Medical Students Fear Reporting Needle Puncture
December 3, 2009
Medical students are among an underreported group of health care workers with a needle puncture during routine examination of patients. According to a Johns Hopkins University research survey of almost 700 medical school graduates training to be surgeons at 17 medical centers throughout the country, a staggering 59 percent suffered a needle puncture at some point while attending medical school.
This inadvertent needle puncture places not only the health care worker at risk of being infected with Hepatitis C or HIV, but also patients. The health care worker may have already contracted a disease and may infect the patient with a needle puncture to their skin from the same needle that already mad a puncture in the worker.
An estimated 800,000 accidental needle punctures and other injuries are reported by health care workers each year, but this doesn't include the unreported cases of medical students who have needle a puncture while they are training. The scary fact is that medical students are at an even higher risk of an accidental needle puncture because of the lack of experience and skill.
According to Martin A. Makary, MD, Associate Professor of surgery and health policy at Johns Hopkins, a culture has evolved at hospitals and medical schools for students that discourages them from reporting an accidental needle puncture and concurrently places them at high risk of an accidental puncture. This makes it easy to pick up diseases such as Hepatitis C and HIV for thousands of medical students.
Students are often reluctant to report an accidental needle puncture because of the excessive amount of time and paperwork required to make a report, and because they don't want their performance grade to be affected. However, medical students are often assigned mundane tasks such as administering needle puncture, intravenous lines, performing biopsies, and sewing incisions while they are still developing skills at handling a needle puncture.
“Not only are we putting them at the front lines, but when they do sustain a needle stick we have a culture that does not encourage them to speak up and get the care they need,” said Dr. Makary.
“They're being evaluated for a grade which determines what job they get when they finish. It's easy to say that if you get a needle stick injury, take care of it. It's a different thing when you've got this system which puts undue pressure on them not to report.”

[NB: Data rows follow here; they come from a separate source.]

(* Let $(X,\mathcal{F},\mu)$ be a probability space with $L^2(X,\mu)$ infinite dimensional, and let $P$ be a reversible Markov operator on $L^2(X,\mu)$. Then for every $k\geq1$, \[ h_P(k)+\overline{h}_P(k)\leq1. \]
   Context: A Markov operator is a linear operator $P:L^2(X,\mu)\to L^2(X,\mu)$ with $P1=1$ and $Pf\geq0$ whenever $f\geq0$; it is reversible if $\int_XgPf\,d\mu=\int_XfPg\,d\mu$ for all $f,g\in L^2(X,\mu)$. Write $(f,g)_\mu=\int_Xfg\,d\mu$, $1_A$ for the indicator of $A$, $\overline{S}=X\setminus S$. $h_P(k):=\inf\max_{1\leq i\leq k}\frac{(1_{S_i},P1_{\overline{S_i}})_\mu}{\mu(S_i)}$ over all collections of $k$ pairwise disjoint measurable sets with $\mu(S_i)>0$. $\overline{h}_P(k):=\sup\min_{1\leq i\leq k}\frac{2(1_{A_{2i-1}},P1_{A_{2i}})_\mu}{\mu(A_{2i-1}\cup A_{2i})}$ over all collections of $k$ pairs of measurable sets $(A_1,A_2),\ldots,(A_{2k-1},A_{2k})$, pairwise disjoint, with $\mu(A_{2i-1}\cup A_{2i})>0$ for each $i$. *)

From HB Require Import structures.
From mathcomp Require Import all_boot all_order all_algebra.
From mathcomp Require Import all_classical all_reals all_analysis.
Set Implicit Arguments. Unset Strict Implicit. Unset Printing Implicit Defensive.
Import Order.TTheory GRing.Theory Num.Theory.
Import numFieldNormedType.Exports.
Local Open Scope classical_set_scope.
Local Open Scope ring_scope.

Section MarkovDefs.
Context {d : measure_display} {T : measurableType d} {R : realType}.
Variable mu : probability T R.

Definition L2 : {pred T -> R} := Lfun mu 2%:E.

Definition ip (f g : T -> R) : \bar R := (\int[mu]_x (f x * g x)%:E)%E.

Definition L2_infinite_dimensional : Prop :=
  forall n : nat, exists f : 'I_n -> T -> R,
    (forall i, f i \in L2) /\
    (forall c : 'I_n -> R,
        {ae mu, forall x, \sum_(i < n) c i * f i x = 0} -> forall i, c i = 0).

(* P : L^2 -> L^2 given on representatives; it must be well defined on
   a.e.-classes, linear, P 1 = 1 and positivity preserving. *)
Definition markov_operator (P : (T -> R) -> (T -> R)) : Prop :=
  [/\ (forall f, f \in L2 -> P f \in L2),
      (forall f g, f \in L2 -> g \in L2 ->
         {ae mu, forall x, f x = g x} -> {ae mu, forall x, P f x = P g x}),
      (forall (a : R) f g, f \in L2 -> g \in L2 ->
         {ae mu, forall x, P (fun y => a * f y + g y) x = a * P f x + P g x}),
      {ae mu, forall x, P (cst 1) x = 1} &
      (forall f, f \in L2 -> {ae mu, forall x, 0 <= f x} ->
         {ae mu, forall x, 0 <= P f x})].

Definition reversible (P : (T -> R) -> (T -> R)) : Prop :=
  forall f g, f \in L2 -> g \in L2 -> ip g (P f) = ip f (P g).

Definition expansion_ratio (P : (T -> R) -> (T -> R)) (S : set T) : R :=
  fine (ip \1_S (P \1_(~` S))) / fine (mu S).

Definition bipartite_ratio (P : (T -> R) -> (T -> R)) (A B : set T) : R :=
  2 * fine (ip \1_A (P \1_B)) / fine (mu (A `|` B)).

Definition hP (P : (T -> R) -> (T -> R)) (k : nat) : \bar R :=
  ereal_inf [set r : \bar R | exists S : 'I_k -> set T,
    [/\ (forall i, measurable (S i)),
        (forall i, (0 < mu (S i))%E),
        (forall i j, i != j -> S i `&` S j = set0) &
        r = \big[Order.max/-oo%E]_(i < k) (expansion_ratio P (S i))%:E]].

Definition hbarP (P : (T -> R) -> (T -> R)) (k : nat) : \bar R :=
  ereal_sup [set r : \bar R | exists A B : 'I_k -> set T,
    [/\ (forall i, measurable (A i) /\ measurable (B i)),
        (forall i, (0 < mu (A i `|` B i))%E),
        (forall i j, A i `&` B j = set0),
        (forall i j, i != j -> A i `&` A j = set0 /\ B i `&` B j = set0) &
        r = \big[Order.min/+oo%E]_(i < k) (bipartite_ratio P (A i) (B i))%:E]].

End MarkovDefs.

(* Let (A_i, B_i) be pairs witnessing hbar_P(k).  The sets S_i = A_i ∪ B_i are
   disjoint, so they compete for h_P(k), and it suffices to show that for
   disjoint A, B with S = A ∪ B
     (1_S, P 1_{X\S}) / mu(S) + 2 (1_A, P 1_B) / mu(S) <= 1.
   Since P 1_{X\S} = 1 - P 1_A - P 1_B a.e. and (1_B, P 1_A) = (1_A, P 1_B) by
   reversibility, the left-hand side equals
   1 - ((1_A, P 1_A) + (1_B, P 1_B)) / mu(S), and positivity of P concludes. *)

From HB Require Import structures.
From mathcomp Require Import all_boot all_order all_algebra.
From mathcomp Require Import all_classical all_reals all_analysis.
From mathcomp Require Import ring lra.
Import Order.TTheory GRing.Theory Num.Theory.
Local Open Scope classical_set_scope.
Local Open Scope ring_scope.

Lemma indicU_disjoint {T : Type} {R : pzRingType} {A B : set T} :
  A `&` B = set0 -> \1_(A `|` B) = \1_A \+ \1_B :> (T -> R).
Proof.
move=> AB0; apply/funext => x; rewrite /= !indicE in_setU.
case: (boolP (x \in A)) => [/set_mem xA|_]; last by rewrite add0r.
case: (boolP (x \in B)) => [/set_mem xB|_]; last by rewrite addr0.
by have : (A `&` B) x by []; rewrite AB0.
Qed.

Section inner_product.
Context {d : measure_display} {T : measurableType d} {R : realType}
  (mu : probability T R).

Lemma indic_L2 {A : set T} : measurable A -> \1_A \in L2 mu.
Proof.
move=> mA; rewrite /L2 inE; apply/andP; split.
  by rewrite inE /=; exact: measurable_realfun.measurable_indic.
rewrite inE /= /finite_norm unlock /=; apply: poweR_lty.
have -> : (fun x => `|(EFin \o \1_A) x| `^ 2)%E =
          (fun x => (\1_A x)%:E :> \bar R).
  by apply/funext => x /=; rewrite indicE; case: (x \in A);
    rewrite ?normr1 ?normr0 ?powR1 ?powR0.
by rewrite integral_indic // setIT ltey_eq fin_num_measure.
Qed.

Lemma L1_measurable (f : T -> R) : f \in Lfun mu 1 -> measurable_fun setT f.
Proof. by move/sub_Lfun_mfun; rewrite inE. Qed.

Lemma L2D {f g : T -> R} : f \in L2 mu -> g \in L2 mu -> f \+ g \in L2 mu.
Proof. by apply: (Lfun_addr_closed mu _).2; rewrite lee_fin ler1n. Qed.

Lemma expectation_ae_ge0 (X : T -> R) : measurable_fun setT X ->
  {ae mu, forall x, 0 <= X x} -> (0 <= 'E_mu[X])%E.
Proof.
move=> mX X0; rewrite unlock (ae_eq_integral (fun x => (Num.max (X x) 0)%:E)) //.
- by apply: integral_ge0 => x _; rewrite lee_fin le_max lexx orbT.
- exact/measurable_realfun.measurable_EFinP.
- apply/measurable_realfun.measurable_EFinP.
  exact: measurable_realfun.measurable_maxr.
- by apply: filterS X0 => x X0x _; rewrite max_l.
Qed.

Lemma ipE (f g : T -> R) : ip mu f g = ('E_mu[f \* g])%E.
Proof. by rewrite unlock. Qed.

Lemma ipC (f g : T -> R) : ip mu f g = ip mu g f.
Proof. by rewrite /ip; under eq_integral do rewrite mulrC. Qed.

Lemma ip_fin_num {f g : T -> R} : f \in L2 mu -> g \in L2 mu ->
  ip mu f g \is a fin_num.
Proof. by move=> fL gL; rewrite ipE; exact/expectation_fin_num/Lfun2_mul_Lfun1. Qed.

Lemma fine_ipDr (f g h : T -> R) : f \in L2 mu -> g \in L2 mu -> h \in L2 mu ->
  fine (ip mu f (g \+ h)) = fine (ip mu f g) + fine (ip mu f h).
Proof.
move=> fL gL hL; rewrite -(fineD (ip_fin_num fL gL) (ip_fin_num fL hL)) !ipE.
have -> : f \* (g \+ h) = f \* g \+ f \* h by apply/funext => x /=; rewrite mulrDr.
by rewrite expectationD //; exact: Lfun2_mul_Lfun1.
Qed.

Lemma ip_ae_eqr (f g g' : T -> R) : f \in L2 mu -> g \in L2 mu -> g' \in L2 mu ->
  {ae mu, forall x, g x = g' x} -> ip mu f g = ip mu f g'.
Proof.
move=> fL gL g'L gg'; apply: ae_eq_integral => //.
- by apply/measurable_realfun.measurable_EFinP/L1_measurable/Lfun2_mul_Lfun1.
- by apply/measurable_realfun.measurable_EFinP/L1_measurable/Lfun2_mul_Lfun1.
- by apply: filterS gg' => x ->.
Qed.

Lemma ip_indic_cst1 (A : set T) : measurable A -> ip mu \1_A (cst 1) = mu A.
Proof.
by move=> mA; rewrite ipE -expectation_indic //; congr expectation;
  apply/funext => x /=; rewrite mulr1.
Qed.

Lemma ip_ge0 (f g : T -> R) : f \in L2 mu -> g \in L2 mu ->
  {ae mu, forall x, 0 <= f x} -> {ae mu, forall x, 0 <= g x} -> (0 <= ip mu f g)%E.
Proof.
move=> fL gL f0 g0; rewrite ipE; apply: expectation_ae_ge0.
  exact/L1_measurable/Lfun2_mul_Lfun1.
by apply: filterS2 f0 g0 => x; exact: mulr_ge0.
Qed.

End inner_product.

Section markov_operator.
Context {d : measure_display} {T : measurableType d} {R : realType}
  (mu : probability T R) (P : (T -> R) -> (T -> R)).
Hypothesis PM : markov_operator mu P.

Lemma markov_indic_L2 {A : set T} : measurable A -> P \1_A \in L2 mu.
Proof. by case: PM => PL2 _ _ _ _ /indic_L2/PL2. Qed.

Lemma markov_indicU {A B : set T} : measurable A -> measurable B ->
  A `&` B = set0 -> {ae mu, forall x, P \1_(A `|` B) x = P \1_A x + P \1_B x}.
Proof.
case: PM => _ _ Plin _ _ mA mB AB0.
have := Plin 1 _ _ (indic_L2 mu mA) (indic_L2 mu mB).
have -> : (fun y => 1 * \1_A y + \1_B y) = \1_(A `|` B) :> (T -> R).
  by rewrite (indicU_disjoint AB0); apply/funext => y; rewrite mul1r.
by apply: filterS => x ->; rewrite mul1r.
Qed.

Lemma markov_indicC {A : set T} : measurable A ->
  {ae mu, forall x, P \1_A x + P \1_(~` A) x = 1}.
Proof.
move=> mA; case: PM => _ _ _ P1 _.
have := markov_indicU mA (measurableC mA) (setICr A).
by rewrite setUv indicT; apply: filterS2 P1 => x -> <-.
Qed.

Lemma ip_indic_markov_ge0 {A B : set T} : measurable A -> measurable B ->
  0 <= fine (ip mu \1_A (P \1_B)).
Proof.
case: PM => _ _ _ _ Ppos mA mB; apply/fine_ge0/ip_ge0.
- exact: indic_L2.
- exact: markov_indic_L2.
- by apply: aeW => x; rewrite indicE ler0n.
- by apply: Ppos; [exact: indic_L2 | apply: aeW => x; rewrite indicE ler0n].
Qed.

Lemma ip_indic_markov_compl (S : set T) : measurable S ->
  fine (ip mu \1_S (P \1_(~` S))) = fine (mu S) - fine (ip mu \1_S (P \1_S)).
Proof.
move=> mS; have mSc := measurableC mS.
have iS := indic_L2 mu mS; have PS := markov_indic_L2 mS.
have PSc := markov_indic_L2 mSc.
rewrite -ip_indic_cst1 // (@ip_ae_eqr _ _ _ _ _ (cst 1) (P \1_S \+ P \1_(~` S))) //.
- by rewrite fine_ipDr // addrC addKr.
- exact: Lfun_cst.
- exact: L2D.
- by apply: filterS (markov_indicC mS) => x <-.
Qed.

Hypothesis PR : reversible mu P.

Lemma ip_indicU_markov (A B : set T) : measurable A -> measurable B ->
  A `&` B = set0 ->
  fine (ip mu \1_(A `|` B) (P \1_(A `|` B))) =
  fine (ip mu \1_A (P \1_A)) + 2 * fine (ip mu \1_A (P \1_B))
  + fine (ip mu \1_B (P \1_B)).
Proof.
move=> mA mB AB0.
have iA := indic_L2 mu mA; have iB := indic_L2 mu mB.
have PA := markov_indic_L2 mA; have PB := markov_indic_L2 mB.
rewrite (@ip_ae_eqr _ _ _ _ _ (P \1_(A `|` B)) (P \1_A \+ P \1_B)); last 4 first.
- exact/indic_L2/measurableU.
- exact/markov_indic_L2/measurableU.
- exact: L2D.
- exact: markov_indicU.
have iAB := L2D mu iA iB.
rewrite (indicU_disjoint AB0) fine_ipDr // ![ip mu (_ \+ _) _]ipC.
rewrite !fine_ipDr // ![ip mu (P _) _]ipC (PR _ _ iA iB); ring.
Qed.

Lemma expansion_ratioU_add_bipartite_ratio_le1 (A B : set T) :
  measurable A -> measurable B -> A `&` B = set0 -> (0 < mu (A `|` B))%E ->
  expansion_ratio mu P (A `|` B) + bipartite_ratio mu P A B <= 1.
Proof.
move=> mA mB AB0 muAB_gt0; have mAB := measurableU _ _ mA mB.
have fine_muAB_gt0 : 0 < fine (mu (A `|` B)).
  by apply: fine_gt0; rewrite muAB_gt0 ltey_eq fin_num_measure.
rewrite /expansion_ratio /bipartite_ratio ip_indic_markov_compl //.
rewrite ip_indicU_markov // -mulrDl ler_pdivrMr // mul1r.
have := ip_indic_markov_ge0 mA mA; have := ip_indic_markov_ge0 mB mB; lra.
Qed.

End markov_operator.

Section ereal_bounds.
Context {R : realType}.
Local Open Scope ereal_scope.

Lemma bigmax_add_bigmin_le (I : finType) (f g : I -> R) (c : R) :
  (forall i, (f i + g i <= c)%R) ->
  \big[Order.max/-oo]_i (f i)%:E + \big[Order.min/+oo]_i (g i)%:E <= c%:E.
Proof.
move=> fgc; apply: (big_ind (fun x => x + _ <= c%:E)) => [|x y|i _].
- by rewrite addNye leNye.
- by rewrite /Order.max; case: ifP.
- apply: (@le_trans _ _ ((f i)%:E + (g i)%:E)); last by rewrite -EFinD lee_fin.
  by apply: leeD2l; exact: bigmin_le.
Qed.

Lemma ereal_inf_add_sup_le (S B : set \bar R) (c : R) :
  (forall r, B r -> exists2 h, S h & h + r <= c%:E) ->
  ereal_inf S + ereal_sup B <= c%:E.
Proof.
move=> SBc; have infS_le r : B r -> ereal_inf S + r <= c%:E.
  by move=> /SBc[h Sh]; apply: le_trans; apply/leeD2r/ereal_inf_lbound.
case: (ereal_inf S) infS_le => [s| |] infS_le; last by rewrite addNye leNye.
- rewrite -leeBrDl //; apply: ge_ereal_sup => r Br.
  by rewrite leeBrDl //; exact: infS_le.
- suff -> : ereal_sup B = -oo by rewrite leNye.
  by apply/eqP; rewrite -leeNy_eq; apply: ge_ereal_sup => -[r| |] // /infS_le.
Qed.

End ereal_bounds.

Theorem proposition8p3 (d : measure_display) (T : measurableType d)
  (R : realType) (mu : probability T R) (P : (T -> R) -> (T -> R)) :
  L2_infinite_dimensional mu ->
  markov_operator mu P -> reversible mu P ->
  forall k : nat, (1 <= k)%N -> (hP mu P k + hbarP mu P k <= 1)%E.
Proof.
move=> _ PM PR k _; apply: ereal_inf_add_sup_le.
move=> _ [A [B [mAB muAB_gt0 AB_disj AA_BB_disj ->]]].
exists (\big[Order.max/-oo%E]_(i < k) (expansion_ratio mu P (A i `|` B i))%:E).
  exists (fun i => A i `|` B i); split => // [i|i j ij].
  - by have [mA mB] := mAB i; exact: measurableU.
  - have [AA BB] := AA_BB_disj i j ij.
    rewrite setIUl !setIUr AA BB (AB_disj i j) setIC (AB_disj j i).
    by rewrite !setU0.
apply: bigmax_add_bigmin_le => i; have [mA mB] := mAB i.
exact: expansion_ratioU_add_bipartite_ratio_le1.
Qed.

When students fail to properly report a needle puncture, they are preventing themselves from receiving early treatments that could help prevent the development of HIV or Hepatitis. Dr. Makary suggests that hospitals simplify the process of reporting a needle puncture and receiving treatment. Currently, workers who suffer from a needle puncture are required to submit extensive paperwork and obtain their supervisor's signature before they can receive treatment. Often, students are working a busy shift and it is difficult for them to find the time to file the puncture report.
Dr. Makary did cite an important advancement in hospitals and how they handle an accidental puncture to employees. John Hopkins is one of those hospitals that have begun using “sharpless surgery” practices which eradicate the use of sharp objects that may puncture the skin. Instead, surgeons utilize lasers to cut, glue for closing, marginally invasive ports for laparoscopic procedures and dull-tip needles to decrease the risk of an accidental puncture. Dr. Makary hopes to see more people using the new puncture prevention techniques and devices to ensure needle safety and to prevent an accidental puncture.